"Why don't we just learn the hyper parameters?"
It's a great question! I'll try to provide a more general answer. The TL;DR answer is that you can definitely learn hyperparameters, just not from the same data. Read on for a slightly more detailed reply.
A hyperparameter typically corresponds to a setting of the learning algorithm, rather than one of its parameters. In the context of deep learning, for example, this is exemplified by the difference between something like the number of neurons in a particular layer (a hyperparameter) and the weight of a particular edge (a regular, learnable parameter).
Why is there a difference in the first place? The typical case for making a parameter a hyperparameter is that it is just not appropriate to learn that parameter from the training set.
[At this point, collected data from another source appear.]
(* For $A,x\in\mathbb{R}$ define $E_0(A,x):=1$, $E_1(A,x):=e^{(1-x)A}$ and, for $n\ge2$, \[ E_n(A,x):=\begin{cases} \exp\!\Big(\big[x(E_1+E_3+\cdots+E_{n-1})-\tfrac n2\big]A\Big), & n \text{ even},\\[4pt] \exp\!\Big(\big[\tfrac{n+1}{2}-x(E_0+E_2+\cdots+E_{n-1})\big]A\Big), & n\text{ odd},\end{cases} \] with all $E_j$ evaluated at $(A,x)$. Define $\varphi_1(A,x):=x-1$, $\varphi_n(A,x):=\varphi_{n-1}(A,x)-1+xE_{n-1}(A,x)$ for $n\ge2$, and the polynomial $p_n(A):=\frac{\partial\varphi_n}{\partial x}(A,1)$. Then for every $n\ge1$, the polynomials $\frac{p_{2n}(A)}{2-A}$ and $p_{2n+1}(A)$ are even functions of $A$.
   Context: For every $n\ge1$, $2-A$ divides $p_{2n}(A)$, so $\frac{p_{2n}(A)}{2-A}$ is a polynomial. *)

From HB Require Import structures.
From mathcomp Require Import all_boot all_order all_algebra.
From mathcomp Require Import all_classical all_reals all_analysis.
Set Implicit Arguments. Unset Strict Implicit. Unset Printing Implicit Defensive.
Import Order.TTheory GRing.Theory Num.Theory.
Local Open Scope ring_scope.

Section Defs.
Variable R : realType.

(* Next value E_n(A,x), given s = [:: E_0; ...; E_{n-1}]. *)
Definition E_next (A x : R) (n : nat) (s : seq R) : R :=
  if n == 1%N then expR ((1 - x) * A)
  else if odd n then
    expR (((n.+1)%:R / 2 - x * \sum_(j < n | ~~ odd j) s`_j) * A)
  else
    expR ((x * \sum_(j < n | odd j) s`_j - n%:R / 2) * A).

Fixpoint Elist (A x : R) (n : nat) : seq R :=
  match n with
  | 0 => [:: 1]
  | m.+1 => let s := Elist A x m in rcons s (E_next A x m.+1 s)
  end.

Definition E (n : nat) (A x : R) : R := nth 0 (Elist A x n) n.

(* phi_1 = x - 1, phi_n = phi_{n-1} - 1 + x E_{n-1} for n >= 2;
   phi_0 is unused (set to 0). *)
Fixpoint phi (n : nat) (A x : R) : R :=
  match n with
  | 0 => 0
  | m.+1 => if m is 0 then x - 1 else phi m A x - 1 + x * E m A x
  end.

Definition p (n : nat) (A : R) : R := derive1 (fun x => phi n A x) 1.

End Defs.

From HB Require Import structures.
From mathcomp Require Import all_boot all_order all_algebra.
From mathcomp Require Import all_classical all_reals all_analysis.
From mathcomp Require Import ring.
Import Order.TTheory GRing.Theory Num.Theory.
Local Open Scope ring_scope.

(* Every E_j(A, .) equals 1 at x = 1, so differentiating the tower at x = 1
   gives e_n := dE_n/dx (A, 1) = (-1)^n A (ceil(n/2) + sum of the e_j, j < n,
   of parity opposite to n), while p_n = sum_(j < n) (1 + e_j).  Hence
   e_(n+2) = e_n + (-1)^n A (1 + e_(n+1)) and (-1)^(n+1) (e_(n+1) - e_n) = A p_(n+1),
   which combine into p_(n+4) = (2 - A^2) p_(n+2) - p_n.  The multiplier 2 - A^2
   is even in A, and p_0 = 0, p_2 = 2 - A, p_1 = 1, p_3 = 3 - A^2, so by
   induction p_(2n) is 2 - A times an even polynomial and p_(2n+1) is even. *)

Section EvenPolyMultiple.
Context {R : comNzRingType}.

Definition even_poly_multiple (g f : R -> R) : Prop :=
  exists q : {poly R}, (forall A, f A = g A * q.[A]) /\ (forall A, q.[- A] = q.[A]).

Lemma even_poly_multiple_rec (g : R -> R) (u : nat -> R -> R) k :
    (forall k A, u k.+2 A = (2 - A ^+ 2) * u k.+1 A - u k A) ->
    even_poly_multiple g (u 0%N) -> even_poly_multiple g (u 1%N) ->
  even_poly_multiple g (u k).
Proof.
move=> u_rec u0 u1.
suff [] : even_poly_multiple g (u k) /\ even_poly_multiple g (u k.+1) by [].
elim: k => [|k [[q0 [u0E q0N]] [q1 [u1E q1N]]]]; first by [].
split; first by exists q1.
exists ((2%:P - 'X ^+ 2) * q1 - q0); split=> A.
  by rewrite u_rec u0E u1E !(hornerD, hornerN, hornerM, hornerC, hornerX); ring.
by rewrite !(hornerD, hornerN, hornerM, hornerC, hornerX) q0N q1N mulrNN.
Qed.

End EvenPolyMultiple.

Section OppositeParitySums.
Variable M : nmodType.
Implicit Type F : nat -> M.

Lemma sum_opp_parityS2 F n :
  \sum_(j < n.+2 | odd j != odd n.+2) F j
    = \sum_(j < n | odd j != odd n) F j + F n.+1.
Proof.
rewrite big_mkcond !big_ord_recr /= -big_mkcond /= !negbK eqxx addr0.
by case: (odd n).
Qed.

Lemma sum_opp_parity_cst (x : M) n :
  \sum_(j < n | odd j != odd n) x = x *+ uphalf n.
Proof.
suff [] : \sum_(j < n | odd j != odd n) x = x *+ uphalf n /\
          \sum_(j < n.+1 | odd j != odd n.+1) x = x *+ uphalf n.+1 by [].
elim: n => [|n [IHn IHn1]]; first by rewrite big_ord0 big_ord1_cond.
by split; rewrite // sum_opp_parityS2 IHn mulrSr.
Qed.

End OppositeParitySums.

Lemma natr_uphalf (R : numFieldType) m : (m + odd m)%:R / 2 = (uphalf m)%:R :> R.
Proof.
have -> : (m + odd m = (uphalf m).*2)%N.
  by rewrite uphalf_half doubleD -addnn -{1}(odd_double_half m) addnAC.
by rewrite -muln2 natrM mulfK ?pnatr_eq0.
Qed.

Section SlopeRecurrence.
Context {R : comNzRingType} {A : R} {e : nat -> R}.
Hypothesis e_rec : forall n,
  e n = (-1) ^+ n * A * ((uphalf n)%:R + \sum_(j < n | odd j != odd n) e j).

Let sum_slopes n := \sum_(j < n) (1 + e j).

Let sum_slopesS n : sum_slopes n.+1 = sum_slopes n + (1 + e n).
Proof. exact: big_ord_recr. Qed.

Let sum_slopes0 : sum_slopes 0 = 0. Proof. exact: big_ord0. Qed.

Let slope0 : e 0 = 0. Proof. by rewrite e_rec big_ord0 /= addr0 mulr0. Qed.

Lemma slope_recS2 n : e n.+2 = e n + (-1) ^+ n * A * (1 + e n.+1).
Proof. by rewrite e_rec sum_opp_parityS2 /= -natr1 [in RHS]e_rec !exprS; ring. Qed.

Lemma slope_diff n : (-1) ^+ n.+1 * (e n.+1 - e n) = A * sum_slopes n.+1.
Proof.
elim: n => [|n IHn].
  by rewrite sum_slopesS sum_slopes0 e_rec big_ord1_cond /= slope0; ring.
rewrite sum_slopesS [RHS]mulrDr -IHn slope_recS2 !exprS.
(* ((-1) ^+ n) ^+ 2 = 1 *)
by rewrite -[A * (1 + e n.+1)](signrMK n); ring.
Qed.

Lemma sum_slopes_rec n :
  sum_slopes n.+4 = (2 - A ^+ 2) * sum_slopes n.+2 - sum_slopes n.
Proof.
have sum_slopesS2 k : sum_slopes k.+2 = sum_slopes k + (1 + e k) + (1 + e k.+1).
  by rewrite !sum_slopesS.
rewrite (sum_slopesS2 n.+2) mulrBl expr2 -mulrA -slope_diff sum_slopesS2.
by rewrite !slope_recS2 !exprS; ring.
Qed.

Lemma sum_slopes_small :
  [/\ sum_slopes 1 = 1, sum_slopes 2 = 2 - A & sum_slopes 3 = 3 - A ^+ 2].
Proof.
have slope1 : e 1 = - A.
  have := slope_diff 0; rewrite sum_slopesS sum_slopes0 slope0 subr0.
  by move/(canRL (signrMK 1)) ->; ring.
by split; rewrite !sum_slopesS ?slope_recS2 sum_slopes0 slope0 ?slope1; ring.
Qed.

End SlopeRecurrence.

Section Derivatives.
Context {R : realType}.

Lemma is_derive_sum_cond (P : pred nat) (h : nat -> R -> R) (dh : nat -> R) n (x0 : R) :
    (forall i, (i < n)%N -> P i -> is_derive x0 1 (h i) (dh i)) ->
  is_derive x0 1 (fun x => \sum_(i < n | P i) h i x) (\sum_(i < n | P i) dh i).
Proof.
move=> hd.
have := @is_derive_sum _ _ _ n (fun i => if P i then h i else cst 0) x0 1
  (fun i => if P i then dh i else 0).
rewrite fct_sumE -big_mkcond.
have -> : (fun x => \sum_(i < n) (if P i then h i else cst 0) x) =
          (fun x => \sum_(i < n | P i) h i x).
  by apply/funext => x; rewrite [RHS]big_mkcond; apply: eq_bigr => i _; case: ifP.
by apply=> i; case: ifP => Pi; [exact: hd | exact: is_derive_cst].
Qed.

Lemma is_derive_expR_mulx (c m : R) (S : R -> R) (x0 dS : R) : is_derive x0 1 S dS ->
  is_derive x0 1 (fun x => expR (c * (x * S x - m)))
    (expR (c * (x0 * S x0 - m)) * (c * (x0 * dS + S x0))).
Proof.
move=> dS_x0.
have inner : is_derive x0 1 (c \*: (id * S - cst m)) (c * (x0 * dS + S x0)).
  by apply: is_derive_eq; rewrite /GRing.scale /= mulr1 subr0.
exact: is_derive1_comp (is_derive_expR _) inner.
Qed.

End Derivatives.

Section ExponentialTower.
Context {R : realType}.
Variable A : R.

Lemma size_Elist x n : size (Elist A x n) = n.+1.
Proof. by elim: n => //= n IHn; rewrite size_rcons IHn. Qed.

Lemma nth_Elist x n j : (j <= n)%N -> (Elist A x n)`_j = E j A x.
Proof.
elim: n j => [|n IHn] j; first by rewrite leqn0 => /eqP ->.
rewrite leq_eqVlt => /predU1P[-> //|]; rewrite ltnS => j_le_n.
by rewrite /= nth_rcons size_Elist ltnS j_le_n IHn.
Qed.

Lemma E_S x n : E n.+1 A x = E_next A x n.+1 (Elist A x n).
Proof. by rewrite /E /= nth_rcons size_Elist ltnn eqxx. Qed.

(* One formula for both parities, which also covers E_0 and E_1. *)
Lemma E_expR n x : E n A x =
  expR ((-1) ^+ n * A * (x * \sum_(j < n | odd j != odd n) E j A x - (uphalf n)%:R)).
Proof.
case: n => [|[|n]]; first by rewrite big_ord0 mulr0 subr0 mulr0 expR0.
  by rewrite E_S big_ord1_cond /=; congr expR; rewrite /E /=; ring.
have sE P : \sum_(j < n.+2 | P j) (Elist A x n.+1)`_j = \sum_(j < n.+2 | P j) E j A x.
  by apply: eq_bigr => j _; rewrite nth_Elist // -ltnS.
rewrite E_S /E_next !sE -natr_uphalf -signr_odd /= negbK.
case: (odd n); rewrite ?addn1 ?addn0; congr expR.
  by under [in RHS]eq_bigl do rewrite eqb_id; ring.
by under [in RHS]eq_bigl do rewrite eqbF_neg negbK; ring.
Qed.

Lemma E_at1 n : E n A 1 = 1 /\ is_derive (1 : R) 1 (E n A)
  ((-1) ^+ n * A * ((uphalf n)%:R + \sum_(j < n | odd j != odd n) derive1 (E j A) 1)).
Proof.
elim/ltn_ind: n => n IHn.
have sum_E1 : \sum_(j < n | odd j != odd n) E j A 1 = (uphalf n)%:R.
  by rewrite -sum_opp_parity_cst; apply: eq_bigr => j _; have [] := IHn j (ltn_ord j).
have dsum_E : is_derive (1 : R) 1 (fun x => \sum_(j < n | odd j != odd n) E j A x)
                          (\sum_(j < n | odd j != odd n) derive1 (E j A) 1).
  apply: (is_derive_sum_cond (fun j => odd j != odd n) (fun j => E j A)
    (fun j => derive1 (E j A) 1)) => j j_lt_n _.
  have [_ [dEj _]] := IHn j j_lt_n.
  by rewrite derive1E; exact: derivableP.
split; first by rewrite E_expR sum_E1 mul1r subrr mulr0 expR0.
have -> : E n A = fun x => expR ((-1) ^+ n * A *
    (x * \sum_(j < n | odd j != odd n) E j A x - (uphalf n)%:R)).
  by apply/funext => x; exact: E_expR.
move/(is_derive_expR_mulx ((-1) ^+ n * A) (uphalf n)%:R): dsum_E.
by rewrite sum_E1 !mul1r subrr mulr0 expR0 mul1r addrC.
Qed.

Lemma derive1_E_at1 n : derive1 (E n A) 1 =
  (-1) ^+ n * A * ((uphalf n)%:R + \sum_(j < n | odd j != odd n) derive1 (E j A) 1).
Proof. by have [_ dE] := E_at1 n; rewrite derive1E derive_val. Qed.

Lemma is_derive_phi n :
  is_derive (1 : R) 1 (phi n A) (\sum_(j < n) (1 + derive1 (E j A) 1)).
Proof.
elim: n => [|[|m] IHm]; first by rewrite big_ord0; exact: is_derive_cst.
  have -> : phi 1 A = id - cst 1 by [].
  rewrite big_ord1 derive1_E_at1 big_ord0 /= mulr0n addr0 mulr0 addr0.
  by apply: is_derive_eq; rewrite subr0.
have [E1 dE] := E_at1 m.+1.
have -> : phi m.+2 A = phi m.+1 A - cst 1 + id * E m.+1 A by [].
apply: is_derive_eq.
by rewrite [RHS]big_ord_recr (derive1_E_at1 m.+1) /= E1 subr0 !scale1r; ring.
Qed.

Lemma p_sum n : p n A = \sum_(j < n) (1 + derive1 (E j A) 1).
Proof. by have dphi := is_derive_phi n; rewrite /p derive1E derive_val. Qed.

Lemma p_rec n : p n.+4 A = (2 - A ^+ 2) * p n.+2 A - p n A.
Proof. by rewrite !p_sum (sum_slopes_rec derive1_E_at1). Qed.

Lemma p_small : [/\ p 0 A = 0, p 1 A = 1, p 2 A = 2 - A & p 3 A = 3 - A ^+ 2].
Proof.
rewrite !p_sum big_ord0.
by have [] := sum_slopes_small derive1_E_at1.
Qed.

End ExponentialTower.

Theorem corollary4p9 (R : realType) (n : nat) (hn : (1 <= n)%N) :
  (exists q : {poly R},
      (forall A : R, p (2 * n) A = (2 - A) * q.[A]) /\
      (forall A : R, q.[- A] = q.[A])) /\
  (forall A : R, p (2 * n + 1) (- A) = p (2 * n + 1) A).
Proof.
rewrite mul2n addn1; split.
  apply: (even_poly_multiple_rec (fun A => 2 - A) (fun k => p k.*2) n) => [k A||].
  - exact: p_rec.
  - by exists 0; split=> A; rewrite !horner0 // mulr0; have [->] := p_small A.
  - by exists 1; split=> A; rewrite !hornerC // mulr1; have [_ _ ->] := p_small A.
have [q [pE qN]] : even_poly_multiple (fun _ : R => 1) (p n.*2.+1).
  apply: (even_poly_multiple_rec (fun _ => 1) (fun k => p k.*2.+1) n) => [k A||].
  - exact: p_rec.
  - by exists 1; split=> A; rewrite !hornerC // mul1r; have [_ ->] := p_small A.
  - exists (3%:P - 'X^2); split=> A; rewrite !(hornerD, hornerN, hornerC, hornerXn).
      by rewrite mul1r; have [_ _ _ ->] := p_small A.
    by rewrite sqrrN.
by move=> A; rewrite !pE qN.
Qed.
For example, since it's always easier to lower the training error by adding more neurons, making the number of neurons in a layer a regular parameter would always encourage very large networks, which is something we know for a fact is not always desirable (because of overfitting).
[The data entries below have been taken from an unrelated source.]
(* Let $\lambda\in[0,\frac{\pi}{2})$ and let $\mathcal{M}=(M_1,M_2,M_3)$ be a measurement scenario with $M_1=\{A_j\}_j$, $M_2=\{B_k\}_k$, $M_3=\{C_0,\dots,C_{n-1}\}$. For $z\in\{0,1\}$ define $r_{jkl}(z):=\pi^{-1}[(A_j+B_k)-\beta(\lambda,C_l+z\pi)]\bmod 2\in[0,2)$ and the system of $\mathbb{Z}_2$-linear equations $\Psi_l(z):=\{a_j\oplus b_k=r_{jkl}(z) : \text{all } j,k \text{ with } r_{jkl}(z)\in\{0,1\}\}$ in the unknowns $a_j,b_k\in\mathbb{Z}_2$. Then $(|B(\lambda)\rangle,\mathcal{M})$ is a paradox if and only if for every $\vec z=(z_0,\dots,z_{n-1})\in\mathbb{Z}_2^n$ the system $\Psi(\vec z):=\bigcup_l\Psi_l(z_l)$ is inconsistent.
   Context: $\oplus$ is addition mod 2. For $\varphi\in\mathbb{R}$, $E_\varphi=\cos\varphi X+\sin\varphi Y$ is the equatorial measurement, with $+1$ eigenvector $|\varphi\rangle=\frac{1}{\sqrt2}(|0\rangle+e^{i\varphi}|1\rangle)$ and $-1$ eigenvector $|\varphi+\pi\rangle$; outcomes $+1,-1$ relabelled $0,1$; measurements identified with angles. A measurement scenario $\mathcal{M}=(M_1,M_2,M_3)$ consists of finite sets $M_i\subseteq[0,\pi)$ of angles for qubit $i$; contexts are triples in $M_1\times M_2\times M_3$. For a three-qubit state $|\psi\rangle$, the event $(A,B,C)\to(a,b,c)$ is impossible if $(\langle A+a\pi|\otimes\langle B+b\pi|\otimes\langle C+c\pi|)|\psi\rangle=0$. $(|\psi\rangle,\mathcal{M})$ is a paradox if for every assignment $g$ of outcomes in $\{0,1\}$ to all measurements of $M_1,M_2,M_3$ (as disjoint sets) some context $(A,B,C)$ has $(A,B,C)\to(g(A),g(B),g(C))$ impossible. For $\lambda\in[0,\frac{\pi}{2})$, $|v_\lambda\rangle=\cos\frac{\lambda}{2}|0\rangle+\sin\frac{\lambda}{2}|1\rangle$, $|w_\lambda\rangle=\sin\frac{\lambda}{2}|0\rangle+\cos\frac{\lambda}{2}|1\rangle$, and the interpolant state is $|B(\lambda)\rangle=\frac{1}{\sqrt2}(|00\rangle|v_\lambda\rangle+|11\rangle|w_\lambda\rangle)$. Define modulo $2\pi$: $\beta(\lambda,\varphi)=\varphi-2\arctan\left(\frac{\cos\frac{\lambda}{2}\sin\varphi}{\sin\frac{\lambda}{2}+\cos\frac{\lambda}{2}\cos\varphi}\right)$. *)

From Stdlib Require Import Reals List.
From Coquelicot Require Import Coquelicot.
Import ListNotations.
Open Scope R_scope.

Definition CC := Complex.C.

Definition expi (phi : R) : CC := (cos phi, sin phi).

Definition b2R (b : bool) : R := if b then 1 else 0.

(* components of |phi> = (|0> + e^{i phi}|1>)/sqrt 2 in the computational basis *)
Definition ket (phi : R) (x : bool) : CC :=
  if x then Cmult (RtoC (/ sqrt 2)) (expi phi) else RtoC (/ sqrt 2).

Definition v_lam (lam : R) (x : bool) : CC :=
  if x then RtoC (sin (lam / 2)) else RtoC (cos (lam / 2)).
Definition w_lam (lam : R) (x : bool) : CC :=
  if x then RtoC (cos (lam / 2)) else RtoC (sin (lam / 2)).

(* |B(lambda)> = (|00>|v_lambda> + |11>|w_lambda>)/sqrt 2, as amplitudes *)
Definition Bstate (lam : R) (x1 x2 x3 : bool) : CC :=
  match x1, x2 with
  | false, false => Cmult (RtoC (/ sqrt 2)) (v_lam lam x3)
  | true, true => Cmult (RtoC (/ sqrt 2)) (w_lam lam x3)
  | _, _ => RtoC 0
  end.

Definition bools : list bool := [false; true].

(* (<A + a pi| (x) <B + b pi| (x) <C + c pi|) |psi> *)
Definition amplitude (psi : bool -> bool -> bool -> CC)
    (A B C : R) (a b c : bool) : CC :=
  fold_right Cplus (RtoC 0)
    (flat_map (fun x1 => flat_map (fun x2 => map (fun x3 =>
       Cmult (Cmult (Cconj (ket (A + b2R a * PI) x1))
                    (Cmult (Cconj (ket (B + b2R b * PI) x2))
                           (Cconj (ket (C + b2R c * PI) x3))))
             (psi x1 x2 x3)) bools) bools) bools).

Definition impossible (psi : bool -> bool -> bool -> CC)
    (A B C : R) (a b c : bool) : Prop :=
  amplitude psi A B C a b c = RtoC 0.

(* measurement scenario: finite sets of angles in [0, pi), given as
   duplicate-free lists *)
Definition angle_set (M : list R) : Prop :=
  NoDup M /\ forall x, In x M -> 0 <= x < PI.

(* paradox: every assignment g (to the disjoint sets M1, M2, M3) is refuted
   by some context *)
Definition paradox (psi : bool -> bool -> bool -> CC)
    (M1 M2 M3 : list R) : Prop :=
  forall g1 g2 g3 : R -> bool,
    exists A B C, In A M1 /\ In B M2 /\ In C M3 /\
      impossible psi A B C (g1 A) (g2 B) (g3 C).

(* beta(lambda, phi) = phi - 2 arctan( cos(l/2) sin phi / (sin(l/2) + cos(l/2) cos phi) ),
   modulo 2 pi.  When the denominator vanishes the arctan is taken at +-infinity,
   i.e. 2 arctan = +-pi = pi (mod 2 pi). *)
Definition beta (lam phi : R) : R :=
  let d := sin (lam / 2) + cos (lam / 2) * cos phi in
  if Req_EM_T d 0 then phi - PI
  else phi - 2 * atan (cos (lam / 2) * sin phi / d).

Definition Rmod2 (x : R) : R := x - 2 * IZR (Int_part (x / 2)).

Definition r_coef (lam A B C : R) (z : bool) : R :=
  Rmod2 (/ PI * ((A + B) - beta lam (C + b2R z * PI))).

Definition solves_Psi (lam : R) (M1 M2 M3 : list R) (zv : nat -> bool)
    (a b : nat -> bool) : Prop :=
  forall j k l, (j < length M1)%nat -> (k < length M2)%nat -> (l < length M3)%nat ->
    let r := r_coef lam (nth j M1 0) (nth k M2 0) (nth l M3 0) (zv l) in
    (r = 0 -> xorb (a j) (b k) = false) /\
    (r = 1 -> xorb (a j) (b k) = true).

Definition Psi_consistent (lam : R) (M1 M2 M3 : list R) (zv : nat -> bool) : Prop :=
  exists a b : nat -> bool, solves_Psi lam M1 M2 M3 zv a b.

From Stdlib Require Import Reals List Lra Lia Nsatz Classical.
From Coquelicot Require Import Coquelicot.
Open Scope R_scope.

(* Write A' = A + a pi, B' = B + b pi, u = C + c pi, h = (A' + B') / 2 and
   g = u / 2.  The amplitude of an event on |B(lambda)> equals
   (1/2) Q e^(-i(h+g)) with Q = cos(lambda/2) cos(h+g) + sin(lambda/2) cos(h-g),
   so the event is impossible iff Q = 0.  As a function of h, Q is a nonzero
   combination of cos h and sin h (this is where lambda < pi/2 is used, via
   sin(lambda/2) <> cos(lambda/2)), and with beta(lambda, u) = u - 2t it vanishes
   exactly at h = g - t + pi/2 mod pi, i.e. when r + a + b - 1 is even, i.e. when
   a xor b = r fails for r in {0, 1}.  So impossible events are exactly the
   violated equations of Psi, and an outcome assignment avoiding all impossible
   events is the same thing as a solution of Psi(z) with z read off on M3. *)

Lemma cos_sum_to_product (c s h g : R) :
  c + s * cos (2 * g) + s * cos (2 * h) + c * cos (2 * h + 2 * g) =
  2 * (c * cos (h + g) + s * cos (h - g)) * cos (h + g).
Proof.
  replace (2 * h + 2 * g) with (2 * (h + g)) by ring.
  rewrite !cos_2a, !cos_plus, !sin_plus, !cos_minus.
  pose proof (sin2_cos2 h) as Hh; pose proof (sin2_cos2 g) as Hg.
  unfold Rsqr in *.
  nsatz.
Qed.

Lemma sin_sum_to_product (c s h g : R) :
  s * sin (2 * g) + s * sin (2 * h) + c * sin (2 * h + 2 * g) =
  2 * (c * cos (h + g) + s * cos (h - g)) * sin (h + g).
Proof.
  replace (2 * h + 2 * g) with (2 * (h + g)) by ring.
  rewrite !sin_2a, !cos_plus, !sin_plus, !cos_minus.
  pose proof (sin2_cos2 h) as Hh; pose proof (sin2_cos2 g) as Hg.
  unfold Rsqr in *.
  nsatz.
Qed.

Lemma cos_sin_comb_eq0_iff (al ga x0 h : R) :
  al * cos x0 + ga * sin x0 = 0 -> al <> 0 \/ ga <> 0 ->
  (al * cos h + ga * sin h = 0 <-> sin (h - x0) = 0).
Proof.
  intros H0 Hn; rewrite sin_minus; split; intro H.
  - assert (E1 : al * (sin h * cos x0 - cos h * sin x0) = 0).
    { replace (al * (sin h * cos x0 - cos h * sin x0)) with
        (sin h * (al * cos x0 + ga * sin x0) - sin x0 * (al * cos h + ga * sin h))
        by ring.
      rewrite H0, H; ring. }
    assert (E2 : ga * (sin h * cos x0 - cos h * sin x0) = 0).
    { replace (ga * (sin h * cos x0 - cos h * sin x0)) with
        (cos x0 * (al * cos h + ga * sin h) - cos h * (al * cos x0 + ga * sin x0))
        by ring.
      rewrite H0, H; ring. }
    destruct Hn as [Hn | Hn];
      [destruct (Rmult_integral _ _ E1) | destruct (Rmult_integral _ _ E2)]; tauto.
  - assert (E1 : (al * cos h + ga * sin h) * cos x0 = 0).
    { replace ((al * cos h + ga * sin h) * cos x0) with
        (cos h * (al * cos x0 + ga * sin x0) + ga * (sin h * cos x0 - cos h * sin x0))
        by ring.
      rewrite H0, H; ring. }
    assert (E2 : (al * cos h + ga * sin h) * sin x0 = 0).
    { replace ((al * cos h + ga * sin h) * sin x0) with
        (sin h * (al * cos x0 + ga * sin x0) - al * (sin h * cos x0 - cos h * sin x0))
        by ring.
      rewrite H0, H; ring. }
    destruct (Rmult_integral _ _ E1); auto.
    destruct (Rmult_integral _ _ E2); auto.
    exfalso; apply (cos_sin_0 x0); auto.
Qed.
To your question, it's not that we don't learn the hyper-parameters at all. Setting aside the computational challenges for a minute, it's very much possible to learn good values for the hyperparameters, and there are even cases where this is imperative for good performance; all the discussion in the first paragraph suggests is that by definition, you can't use the same data for this task.
Using another split of the data (thus creating three disjoint parts: the training set, the validation set, and the test set, what you could do in theory is the following nested-optimization procedure: in the outer-loop, you try to find the values for the hyperparameters that minimize the validation loss; and in the inner-loop, you try to find the values for the regular parameters that minimize the training loss.
This is possible in theory, but very expensive computationally: every step of the outer loop requires solving (till completion, or somewhere close to that) the inner-loop, which is typically computationally-heavy. What further complicates things is that the outer-problem is not easy: for one, the search space is very big.
There are many approaches to overcome this by simplifying the setup above (grid search, random search or model-based hyper-parameter optimization), but explaining these is well beyond the scope of your question. As the article you've referenced also demonstrates, the fact that this is a costly procedure often means that researchers simply skip it altogether, or try very few setting manually, eventually settling on the best one (again, according to the validation set). To your original question though, I argue that - while very simplistic and contrived - this is still a form of "learning".